# Random Forest for for Regression

In this lab, we will be using the solution from the last lab, and we will extend it to implement a random forest for regression. To simplify the process, we will be using the same dataset, and therefore code to load it and splitting it into training and testing is provided below.

As a reminder we are making a dataset where the features are

* `variance`
* `skewness`
* `curtosis`

and the target variable is

* `entropy`

For this lab, we simply ignore the `class` column

In [1]:
import pandas as pd
import numpy as np
from sklearn.model_selection import train_test_split
data = pd.read_csv('https://archive.ics.uci.edu/ml/machine-learning-databases/00267/data_banknote_authentication.txt', names=['variance', 'skewness', 'curtosis', 'entropy', 'class'])
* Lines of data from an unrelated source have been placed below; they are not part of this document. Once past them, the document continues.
Theorem proposition6p9 (M : multialg) (S : mrel M -> Prop) :
  subclass S -> Rsh_closed S -> Rsh_distributive S -> dissociable S.
Proof.
move=> subS closedS distS V N [SN symN].
apply: (comp_closure_dissociable subS distS); split; last first.
  by right=> x y _; apply: proj_closure_closed.
split=> [x y xy|x y xy i]; first exact/closedS/SN.
have -> : N y x = convR (N x y) by apply: functional_extensionality_dep; apply: symN.
by rewrite proj_closure_conv.
Qed.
X = data.loc[:, ["variance", "skewness", "curtosis"]].values
y = data["entropy"].values

X_train, X_test, y_train, y_test = train_test_split(X, y, test_size=0.3, random_state=0)


## DecisionTree Regressor 

In the following cell, I simply copy the solution from the previous lab, and I turn it into a scikit-learn regressor for convenience. I also copy the function to print the tree, as part of the regressor.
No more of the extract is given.